Il y avait dans un pays et une époque qu’il ne m’est pas donné de révéler, une grande magicienne, de taille comme de talent, qui portait sa chevelure comme une cape et le mépris comme un fard sur les paupières ; elle avait les pommettes hautes et effilées, le cou fin, le sourire rare, et ses yeux n’avaient jamais été assombris par le moindre doute. On lui avait découvert le pouvoir redoutable de deviner, dès que son regard se posait sur quelqu’un, les quelques mots qui feraient tomber sa proie dans les affres d’un amour éternel. En effet, chacun avait en soi une phrase – pas forcément cohérente, pas toujours poétique – qui allumait irrémédiablement en eux un feu fébrile pour la bouche qui les prononçait. Cela pouvait être tout et n’importe quoi, qui provoquerait la réminiscence d’un doux souvenir d’enfance, qui ferait l’écho d’une œuvre d’art affectionnée, qui aurait une musicalité particulière et propre à ébranler une âme. Elle sentait, elle, chacun de ces mots lui venir docilement à l’esprit et asservissait distraitement tous ceux qui pouvaient lui être utiles et les autres aussi, au cas où.

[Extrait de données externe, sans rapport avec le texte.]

(* Let $c=(c_k)_{k\ge1}$ be a sequence of complex numbers with $c_k\to0$ as $k\to\infty$. Then $$\|T_c\|\le\sum_{k=1}^\infty\sqrt{k(k+1)}\,|c_{k+2}-2c_{k+1}+c_k|.$$
   Context: For a complex sequence $c=(c_k)_{k\ge1}$, $T_c$ is the infinite matrix indexed by $j,k\ge1$ with entries $(T_c)_{jk}=c_k$ if $j=k$, $(T_c)_{jk}=c_k-c_{k-1}$ if $j<k$, and $(T_c)_{jk}=0$ if $j>k$. $\|T_c\|$ denotes its operator norm on $\ell^2$ if it acts boundedly, and $\|T_c\|=\infty$ otherwise. *)

From HB Require Import structures.
From mathcomp Require Import all_boot all_order all_algebra.
From mathcomp Require Import all_classical all_reals all_analysis.
From mathcomp Require Export complex.
Export Order.TTheory GRing.Theory Num.Theory numFieldNormedType.Exports.

Set Implicit Arguments.
Unset Strict Implicit.
Unset Printing Implicit Defensive.

Local Open Scope ring_scope.

(* A sequence c = (c_k)_{k>=1} is modelled by [c : nat -> R[i]],
   c_k := c k for k >= 1 (the value c 0 is never used). *)

Definition Tc (R : realType) (c : nat -> R[i]) (j k : nat) : R[i] :=
  if j == k then c k
  else if (j < k)%N then c k - c k.-1
  else 0.

Definition l2norm (R : realType) (N : nat) (x : nat -> R[i]) : R :=
  Num.sqrt (\sum_(1 <= j < N.+1) ComplexField.Normc.normc (x j) ^+ 2).

(* action of T_c on a vector supported on 1..N; the result is again
   supported on 1..N since T_c is upper triangular *)
Definition Tc_apply (R : realType) (c : nat -> R[i]) (N : nat)
  (x : nat -> R[i]) : nat -> R[i] :=
  fun j => \sum_(1 <= k < N.+1) Tc c j k * x k.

Comme elle se lassait vite de ses innombrables conquêtes, elle voyageait souvent de ville en ville, de pays en pays, disparaissant la nuit, et à l’aube déjà encerclée de nouvelles avances pressantes. Au fur et à mesure que le temps passait cependant, elle n’y prêtait même plus attention, les phrases lui venaient aux lèvres comme un instinct, sans même parfois qu’elle le remarque, si bien qu’elle n’était même plus sûre de pouvoir retenir ces mots si elle avait voulu – et au fond elle s’en moquait bien, tant l’autre lui était un objet d’indifférence. Elle finissait même par en être agacée, de cette furtive étincelle qui dilatait les pupilles de ses interlocuteurs, si familière, toujours semblable malgré tous ces iris, c’était trop facile, cela en devenait ennuyant, et elle sentait cette lueur la suivre partout et nulle part à la fois, sans jamais lui laisser une seconde de répit, sans jamais se destiner à quelqu’un d’autre. Elle voulut alors se soustraire à ce trop-plein de dévotion et renonça une fois pour toutes à ses fidèles et à la lumière dans leurs yeux.

Elle partit donc, choisit une côte de plage battue par les vents et le crachin près des frontières orientales, où l’on ne trouvait qu’herbes hautes jaunâtres et terriers de lapins, où les routes étaient de terre battue et où la bougie restait encore le moyen le plus commode de s’éclairer. L’endroit n’était guère habité, si ce n’était par quelques marginaux installés dans de vétustes maisons sur pilotis ça et là. La magicienne investit l’une d’elles et y vécut dans une solitude soigneusement cultivée, évitant de son mieux le moindre contact avec ses rares voisins. Elle y redécouvrait le soulagement bienvenu du silence, occupait ses journées à élaborer ou perfectionner des recettes de potions et de remèdes, consignait dans un carnet les constellations qu’elle passait des heures à admirer par l’œil poussiéreux d’un petit télescope rouillé. Mais un après-midi qu’elle marchait sur les dunes après y avoir ramassé des herbes, elle croisa le chemin de celle qui possédait l’habitacle le plus proche du sien, à seulement quelques dunes de distance ; c’était une jeune femme qui aimait l’air marin, le thé et les longues promenades. Elle avait des taches de rousseur, et des yeux très noirs aux cils encore plus noirs, et des joues pleines, et des mains un peu écorchées aux doigts ronds qui reposaient sur les bretelles élimées de sa salopette, et d'autres taches de rousseur encore sur les épaules, et des cheveux attachés mais dont quelques mèches folles battaient sa nuque, et un regard doux, et un sourire plus doux encore, et la magicienne, pour la première fois, tomba à son tour.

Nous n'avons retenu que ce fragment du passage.